A training and test samples of size 200 and 10,000 respectively were generated from a complicated mixture distribution using the function gencve::rmix(). In these datasets there are two inputs \(x_1\) and \(x_2\) and the output has two classes. Previously we showed that the theoretical optimal decision boundary was very nonlinear and it corresponds to an optimal misclassification rate of about 20.7%. We don’t expect that the logistic classifier will do very well with this data.

The example data is available on my homepage and we can input it using read.csv(). We use str() to check it looks ok.

XyTr <- read.csv(
 "http://www.stats.uwo.ca/faculty/aim/2017/sdm/data/rmixTr.csv", 
 header=TRUE)
str(XyTr)
## 'data.frame':    200 obs. of  3 variables:
##  $ x1: num  2.147 3.368 -0.247 1.006 1.027 ...
##  $ x2: num  1.032 -0.181 2.887 0.09 -0.505 ...
##  $ y : int  0 0 0 0 0 0 0 0 0 0 ...

Next we fit a logistic regression model using the R function glm(). First we need to make the output variable into a factor. We use the table() function to check the data looks correct and confirm there are 100 observations in each class.
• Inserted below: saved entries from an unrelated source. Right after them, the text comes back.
Definition arityHom (n : nat) : PolyHom (tree (Node n)) Arities.
Proof.
refine (@Build_PolyHom (tree (Node n)) Arities (fun _ => tt)
   (fun i => existT (fun k => 'I_k) n i) (fun _ => n) _ _ _ _) => //.
move=> a [k i] /= Ek; subst k; exists i; split; first by split; [case: a|].
move=> x [_ Ex]; apply: val_inj.
by have := f_equal (fun y : {k : nat & 'I_k} => nat_of_ord (projT2 y)) Ex.
Defined.

Definition Prod (C D : Collection) : Collection.
Proof.
refine (@Build_Collection (fun a => (cobj C a * cobj D a)%type)
  (fun a b f x => (cmap f x.1, cmap f x.2)) _ _).
- by move=> a [x y] /=; rewrite !cmap_id.
- by move=> a b c f g [x y] /=; rewrite !cmap_comp.
Defined.

Definition fstHom (C D : Collection) : CollHom (Prod C D) C :=
  @Build_CollHom (Prod C D) C (fun a x => x.1) (fun _ _ _ _ => erefl).

Definition sndHom (C D : Collection) : CollHom (Prod C D) D :=
  @Build_CollHom (Prod C D) D (fun a x => x.2) (fun _ _ _ _ => erefl).

Definition collHom_comp (C D E : Collection) (u : CollHom C D) (w : CollHom D E) :
  CollHom C E.
Proof.
refine (@Build_CollHom C E (fun a x => cmp w a (cmp u a x)) _).
by move=> a b f x; rewrite !natural.
Defined.

(* Flat implies free: the first projection C x R0(Arities) -> C is a
   colour-preserving surjection; its section followed by the second projection
   is a morphism into the free collection R0(Arities). *)
Lemma flat_free (C : Collection) : flat C -> free C.
Proof.
move=> C_flat.
have fst_cp : colour_preserving (fstHom C (R0 Arities)).
  exists (fun c => (c, colourHom (tt : P0 Arities))); split=> [[c f]|c] //=.
  by rewrite [f]colourHomE; case: (h0 f tt).
have fst_onto : coll_surjective (fstHom C (R0 Arities)).
  by case=> [|n] x; [exists (x, colourHom (tt : P0 Arities)) | exists (x, arityHom n)].
have [v _] := C_flat _ _ fst_cp fst_onto.
exact: free_of_hom (collHom_comp v (sndHom _ _)) (@R0_free Arities).
Qed.

Lemma bij_iso (C D : Collection) (u : CollHom C D) :
  (forall a, injective (cmp u a)) -> (forall a (y : cobj D a), exists x, cmp u a x = y) ->
  coll_iso C D.
Proof.
move=> u_inj u_onto.
pose v a (y : cobj D a) := proj1_sig (constructive_indefinite_description _ (u_onto a y)).
have uv a y : cmp u a (v a y) = y by rewrite /v; case: constructive_indefinite_description.
have v_nat a b (f : PolyHom (tree a) (tree b)) (y : cobj D b) :
    v a (cmap f y) = cmap f (v b y).
  by apply: u_inj; rewrite natural !uv.
by exists u, (Build_CollHom v_nat); split=> a x //=; apply: u_inj; rewrite uv.
Qed.

(* A free collection C is represented by the polynomial endofunctor P_C whose
   colours are those of C, whose operations are the chosen orbit
   representatives r in C(n), with inputs 'I_n, and whose source and target
   maps restrict r along the edges of the one-node tree. *)
Section Representation.
Variable C : Collection.
Hypothesis C_free : free C.

Definition Op := {n : nat & {r : cobj C (Node n) | orbit_rep r = r}}.
Definition arity (o : Op) : nat := projT1 o.
Definition opRep (o : Op) : cobj C (Node (arity o)) := proj1_sig (projT2 o).
Definition Input := {o : Op & 'I_(arity o)}.

Definition inputColour (y : Input) : colours C :=
  cmap (edge (widen_ord (leqnSn _) (projT2 y))) (opRep (projT1 y)).
Definition outputColour (o : Op) : colours C := cmap (edge ord_max) (opRep o).

Definition PC : PolyEnd.
Proof.
refine (@Build_PolyEnd (colours C) Input Op inputColour (@projT1 _ _) outputColour _).
move=> o; exists (List.map (fun i => existT (fun o : Op => 'I_(arity o)) o i) (enum 'I_(arity o))).
by case=> o' i /= <-; apply: List.in_map; exact: In_enum.
Defined.

Lemma Input_eq (y z : Input) :
  projT1 y = projT1 z -> val (projT2 y) = val (projT2 z) -> y = z.
Proof. by case: y z => o i [o' j] /= Eo; subst o' => Eij; congr existT; exact: val_inj. Qed.

Lemma Op_eq (n : nat) (r r' : cobj C (Node n)) p p' :
  r = r' -> existT _ n (exist _ r p) = existT _ n (exist _ r' p') :> Op.
Proof. by move=> Er; subst r'; rewrite (proof_irrelevance _ p p'). Qed.

Definition opOf (n : nat) (x : cobj C (Node n)) : Op :=
  existT _ n (exist _ (orbit_rep x) (orbit_rep_idem x)).

Lemma opOf_inj (n : nat) (x y : cobj C (Node n)) :
  opOf x = opOf y -> orbit_rep x = orbit_rep y.
Proof.
move=> Exy; have := Eqdep_dec.inj_pair2_eq_dec _ PeanoNat.Nat.eq_dec _ _ _ _ Exy.
by move/(f_equal (@proj1_sig _ _)).
Qed.

(* An element x of C(n) gives the morphism n -> P_C sending the node to the
   operation of x, and the inputs to those of the operation through the
   transporter of x. *)
Definition nodeRep (n : nat) (x : cobj C (Node n)) : PolyHom (tree (Node n)) PC.
Proof.
pose tr_inj := @node_h2_inj _ _ (transporter x).
refine (@Build_PolyHom (tree (Node n)) PC (fun j => cmap (edge j) x)
  (fun i => existT (fun o : Op => 'I_(arity o)) (opOf x) (h2 (transporter x) i))
  (fun _ => opOf x) _ _ _ _).
- move=> i /=; rewrite /inputColour /= -{1}(transporterP x) -cmap_comp.
  by rewrite colourHom_comp node_h0_widen.
- by [].
- move=> b /=; rewrite /outputColour /= -{1}(transporterP x) -cmap_comp.
  by rewrite colourHom_comp node_h0_max.
- move=> a [o k] /= Eo; subst o.
  exists (invF tr_inj k); split; first by split; [case: a | rewrite f_invF].
  move=> i [_ Ei]; rewrite -(invF_f tr_inj i); congr invF; apply: val_inj.
  by have := f_equal (fun y : Input => nat_of_ord (projT2 y)) Ei.
Defined.

Definition represent (a : elObj) : cobj C a -> cobj (R0 PC) a :=
  if a is Node n then @nodeRep n else @colourHom PC.

Lemma represent_nat (a b : elObj) (f : PolyHom (tree a) (tree b)) (x : cobj C b) :
  represent (cmap f x) = cmap f (represent x).
Proof.
apply: natural_on_generators => [n j y | n g y] /=; first by rewrite colourHom_comp.
have Eop : opOf (cmap g y) = opOf y by apply: Op_eq; rewrite orbit_rep_cmap.
apply: node_hom_ext => [i|] /=; last exact: Eop.
by apply: Input_eq => /=; rewrite ?Eop // (transporter_cmap C_free).
Qed.

Definition representHom : CollHom C (R0 PC) := Build_CollHom represent_nat.

Lemma represent_inj (a : elObj) : injective (cmp representHom a).
Proof.
case: a => [|n] x y /= Exy.
  by have := f_equal (fun k : PolyHom (tree Triv) PC => h0 k tt) Exy.
have Erep : orbit_rep x = orbit_rep y.
  by apply: opOf_inj; have := f_equal (fun k : PolyHom (tree (Node n)) PC => h1 k tt) Exy.
have Etr : transporter x = transporter y.
  apply: node_node_ext => i; apply: val_inj.
  by have := f_equal (fun k : PolyHom (tree (Node n)) PC => nat_of_ord (projT2 (h2 k i))) Exy.
by rewrite -(transporterP x) -(transporterP y) Erep Etr.
Qed.

Lemma input_slots (n : nat) (phi : PolyHom (tree (Node n)) PC) (o : Op) :
  h1 phi tt = o ->
  exists2 s : 'I_n -> 'I_(arity o), injective s /\ (forall k, exists i, s i = k)
    & forall i, h2 phi i = existT _ o (s i).
Proof.
move=> Eo.
have Eop i : projT1 (h2 phi i) = o by rewrite -Eo; exact: esym (hp phi i).
have slot_lt i : val (projT2 (h2 phi i)) < arity o by rewrite -(Eop i); exact: ltn_ord.
exists (fun i => Ordinal (slot_lt i)); last by move=> i; apply: Input_eq.
split=> [i j /(f_equal val) /= Eij | k].
  by apply: (@node_h2_inj _ _ phi); apply: Input_eq; [rewrite !Eop | exact: Eij].
have [i Ei] := @node_h2_onto _ _ phi (existT _ o k) (esym Eo).
by exists i; apply: val_inj; rewrite /= Ei.
Qed.

Lemma represent_onto (a : elObj) (phi : cobj (R0 PC) a) :
  exists x, cmp representHom a x = phi.
Proof.
case: a phi => [|n] phi /=; first by exists (h0 phi tt); rewrite -colourHomE.
case Eo: (h1 phi tt) => [m [r r_rep]].
have [s [s_inj s_onto] Es] := input_slots Eo.
pose g := nodeHom s_inj s_onto.
have Enm : n = m := node_arity g; subst m.
have Eop : opOf (cmap g r) = existT _ n (exist _ r r_rep).
  by apply: Op_eq; rewrite orbit_rep_cmap.
have Etr : transporter (cmap g r) = g.
  by apply: (transporter_unique C_free); rewrite orbit_rep_cmap r_rep.
exists (cmap g r); apply: node_hom_ext => [i|] /=; last by rewrite Eo Eop.
by rewrite Es; apply: Input_eq; rewrite /= ?Eop ?Etr.
Qed.

Lemma free_represented : coll_iso C (R0 PC).
Proof. exact: bij_iso represent_inj represent_onto. Qed.
End Representation.

Theorem mainTheorem20 (C : Collection) :
  (exists P : PolyEnd, coll_iso C (R0 P)) <-> flat C.
Proof.
split=> [[P [u _]] | C_flat].
- exact: free_flat (free_of_hom u (@R0_free P)).
- exact: ex_intro _ (PC C) (free_represented (flat_free C_flat)).
Qed.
#glm with logistic regression needs factor variable
XyTr$y <- as.factor(XyTr$y)
table(XyTr$y)
## 
##   0   1 
## 100 100

After fitting, we generate the predictions. Notice that the predict() function with logistic regression only returns the estimated probabilities. We use ifelse() to convert this into 0/1 predictions. Technically, note that we are assuming also a 0/1 loss function so these are the optimal predictions. More about 0/1 loss functions later.

ans <- glm(y ~ ., data=XyTr, family=binomial(link="logit"))
pH <- predict(ans, type="response")
yH <- as.factor(ifelse(pH < 0.5, 0, 1))
yTr <- XyTr$y
r <- mean(yH!=XyTr$y)
MOE <- 1.96*sqrt(r*(1-r)/length(yTr))
table(yTr, yH)
##    yH
## yTr  0  1
##   0 70 30
##   1 28 72

The estimate of the misclassication rate based on the training data is 29% and its 95% confidence interval is (22.7, 35.3)%.

A plot of the data showing the logistic classifer decision boundary is shown below.

plot(XyTr$x1, XyTr$x2, xlab=expression(x[1]), ylab=expression(x[2]),
     type="n")
redQ <- XyTr$y=="1"
points(XyTr$x1[redQ], XyTr$x2[redQ], col="red", pch=18, cex=2)
points(XyTr$x1[!redQ], XyTr$x2[!redQ], col="blue", pch=18, cex=2)
ab <- -coef(ans)[1:2]/coef(ans)[3]
abline(a=ab[1], b=ab[2], lwd=2, col="gray")
title(main="Mixture training data with logistic decision boundary")
title(sub="y=0/blue and y=1/red")

Finally we see how well does the logistic classifier generalize to test data. The confusion matrix shows that we make more errors when the true class is blue, that is when \(y=0\) and this is in agreement with the confusion table for the training data.

XyTe <- read.csv(
 "http://www.stats.uwo.ca/faculty/aim/2017/sdm/data/rmixTe.csv", 
 header=TRUE)
pH <- predict(ans, newdata=XyTe, type="response")
yH <- as.factor(ifelse(pH < 0.5, 0, 1)) 
yTe <- as.factor(XyTe$y)
r <- mean(yH!=yTe)
MOE <- 1.96*sqrt(r*(1-r)/length(yTe))
table(yTe, yH)
##    yH
## yTe    0    1
##   0 6633 3367
##   1 2052 7948

The estimate of the misclassication rate based on the test data is 27.1% and its 95% confidence interval is (26.5, 27.7)%.

Since the misclassifications rates on the training and test data are in agreement, we conclude that the logistic classifier generalizes well – in this case at least. In high dimensional problem when \(p\) the number of inputs is large, an overfit model may not generalize so well.